Task to complete: Your task is to repeat exactly the lines below between the line holding "lie_brxx : forall" and the line holding "Definition subalg (B", inclusive, and only those.

____

Lemma measurable_fun_ifb (R : realType) (b : R -> bool) (c1 c2 : R) :
  measurable [set t | b t] -> measurable_fun setT (fun t => if b t then c1 else c2).
Proof.
move=> b_meas; apply: measurable_fun_ifT => //.
apply: (@measurable_fun_bool _ _ _ _ true).
by rewrite setTI (_ : b @^-1` [set true] = [set t | b t]) //; apply/seteqP; split.
Qed.

Lemma nonincreasing_emeasurable (R : realType) (f : R -> \bar R) :
  (forall s t, s <= t -> (f t <= f s)%E) -> measurable_fun [set: R] f.
Proof.
move=> f_nonincr mD; apply: (measurability _ (ErealGenOInfty.measurableE R)) => //.
move=> _ [_ [x ->] <-]; apply: measurableI => //.
apply: is_interval_measurable => s t /=.
rewrite !in_itv/= !andbT => fs ft u /andP[su ut].
by rewrite in_itv /= andbT (lt_le_trans ft (f_nonincr _ _ ut)).
Qed.

Lemma disjoint_itv_cc_oc (R : realType) (s a b : R) :
  [disjoint `[s, a]%classic & `]a, b]%classic].
Proof.
rewrite disj_set2E; apply/eqP/seteqP; split => // t [] /=.
by rewrite !in_itv /= => /andP[_ ta] /andP[a_lt _]; lra.
Qed.

Section RingKernel.
Variables (R : realType) (V : eqType) (nb : V -> seq V) (d : nat)
  (eta : R -> V -> V -> bool).
Hypotheses (nb_simple : simple_graph nb) (nb_regular : regular_graph nb d)
  (eta_sym : forall t x y, eta t x y = eta t y x)
  (eta_meas : forall x y, measurable [set t : R | eta t x y]).

Local Notation K := (ring_kernel nb eta).

Lemma uniq_self_nb x : uniq (x :: nb x).
Proof. by case: nb_simple => nb_uniq [nb_irr _] /=; rewrite nb_irr nb_uniq. Qed.

Lemma stay_prob_ge0 t x :
  0 <= 1 - (count (eta t x) (nb x))%:R / (size (nb x))%:R :> R.
Proof.
have [->|deg_gt0] := posnP (size (nb x)); first by rewrite invr0 mulr0 subr0.
by rewrite subr_ge0 ler_pdivrMr ?ltr0n // mul1r ler_nat count_size.
Qed.

Lemma ring_kernel_ge0 t x z : 0 <= K t x z.
Proof.
by rewrite /ring_kernel; apply: addr_ge0; case: ifP => // _; apply: stay_prob_ge0.
Qed.

Lemma ring_kernel_out t x z : z \notin x :: nb x -> K t x z = 0.
Proof.
rewrite inE negb_or => /andP[zx zn].
by rewrite /ring_kernel (negbTE zn) (negbTE zx) /= addr0.
Qed.

Lemma ring_kernel_sum1 t x : \sum_(z <- x :: nb x) K t x z = 1.
Proof.
case: nb_simple => _ [nb_irr _].
rewrite big_cons /ring_kernel (negbTE (nb_irr x)) /= eqxx add0r.
rewrite (eq_big_seq (fun z => if eta t x z then (size (nb x))%:R^-1 else 0)).
  by rewrite sum_if_const; ring.
move=> z zn; have -> : (z == x) = false.
  by apply/negbTE; apply: contraNneq (nb_irr x) => zx; rewrite -{1}zx.
by rewrite zn /= addr0.
Qed.

Lemma ring_kernel_sym t x z : K t x z = K t z x.
Proof.
case: nb_simple => _ [_ nb_sym].
rewrite /ring_kernel !nb_regular nb_sym eta_sym; congr (_ + _).
by case: eqP => [->|]; rewrite ?eqxx // eq_sym => /eqP /negbTE ->.
Qed.
Record ZpLie (p : nat) : Type := ZpLieMk {
  lie_car :> finZmodType;
  lie_br : lie_car -> lie_car -> lie_car;
  lie_brDl : forall x y z : lie_car, lie_br (x + y) z = lie_br x z + lie_br y z;
  lie_brDr : forall x y z : lie_car, lie_br x (y + z) = lie_br x y + lie_br x z;
  lie_brxx : forall x : lie_car, lie_br x x = 0;
  lie_jacobi : forall x y z : lie_car,
    lie_br x (lie_br y z) + lie_br y (lie_br z x) + lie_br z (lie_br x y) = 0;
  lie_pgroup : p.-nat #|lie_car|
}.

Section LieDefs.
Variables (p : nat) (L : ZpLie p).
Local Notation br := (@lie_br p L).

(* additive subgroups (= Z_p-submodules, L being a finite p-group) *)
Definition addsub (B : {set L}) : bool :=
  (0 \in B) && [forall x in B, forall y in B, (x - y) \in B].
Definition subalg (B : {set L}) : bool :=
  addsub B && [forall x in B, forall y in B, br x y \in B].
Definition lie_ideal (B : {set L}) : bool :=
  addsub B && [forall x in B, forall y : L, br x y \in B].

Definition zspan (S : {set L}) : {set L} :=
  \bigcap_(B : {set L} | addsub B && (S \subset B)) B.
Definition lie_gen (S : {set L}) : {set L} :=
  \bigcap_(B : {set L} | subalg B && (S \subset B)) B.

Definition d_generated (d : nat) : Prop :=
  exists S : seq L, (size S <= d)%N /\ lie_gen [set x in S] = [set: L].

Definition brset (A B : {set L}) : {set L} := [set br x y | x in A, y in B].

(* lower central series: lcs n = gamma_{n+1}(L), lcs 0 = L *)
Fixpoint lcs (n : nat) : {set L} :=
  if n is n'.+1 then zspan (brset (lcs n') [set: L]) else [set: L].

Definition nil_class (c : nat) : Prop :=
  lcs c = [set 0] /\ forall k, (k < c)%N -> lcs k != [set 0].

Definition Omega1 : {set L} := [set x : L | x *+ p == 0].
Definition lie_center : {set L} := [set x : L | [forall y : L, br x y == 0]].

Definition powerful : Prop :=
  zspan (brset [set: L] [set: L]) \subset [set x *+ p | x in [set: L]].
Definition pcentral : Prop := Omega1 \subset lie_center.
End LieDefs.

(* homomorphisms of Z_p-Lie algebras (additive maps between finite
   p-groups are automatically Z_p-linear) *)
Definition lie_hom (p : nat) (L M : ZpLie p) (f : L -> M) : Prop :=
  (forall x y : L, f (x + y) = f x + f y) /\
  (forall x y : L, f (lie_br x y) = lie_br (f x) (f y)).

____

Solution for this exercise:
  lie_brxx : forall x : lie_car, lie_br x x = 0;
  lie_jacobi : forall x y z : lie_car,
    lie_br x (lie_br y z) + lie_br y (lie_br z x) + lie_br z (lie_br x y) = 0;
  lie_pgroup : p.-nat #|lie_car|
}.

Section LieDefs.
Variables (p : nat) (L : ZpLie p).
Local Notation br := (@lie_br p L).

(* additive subgroups (= Z_p-submodules, L being a finite p-group) *)
Definition addsub (B : {set L}) : bool :=
  (0 \in B) && [forall x in B, forall y in B, (x - y) \in B].
Definition subalg (B : {set L}) : bool :=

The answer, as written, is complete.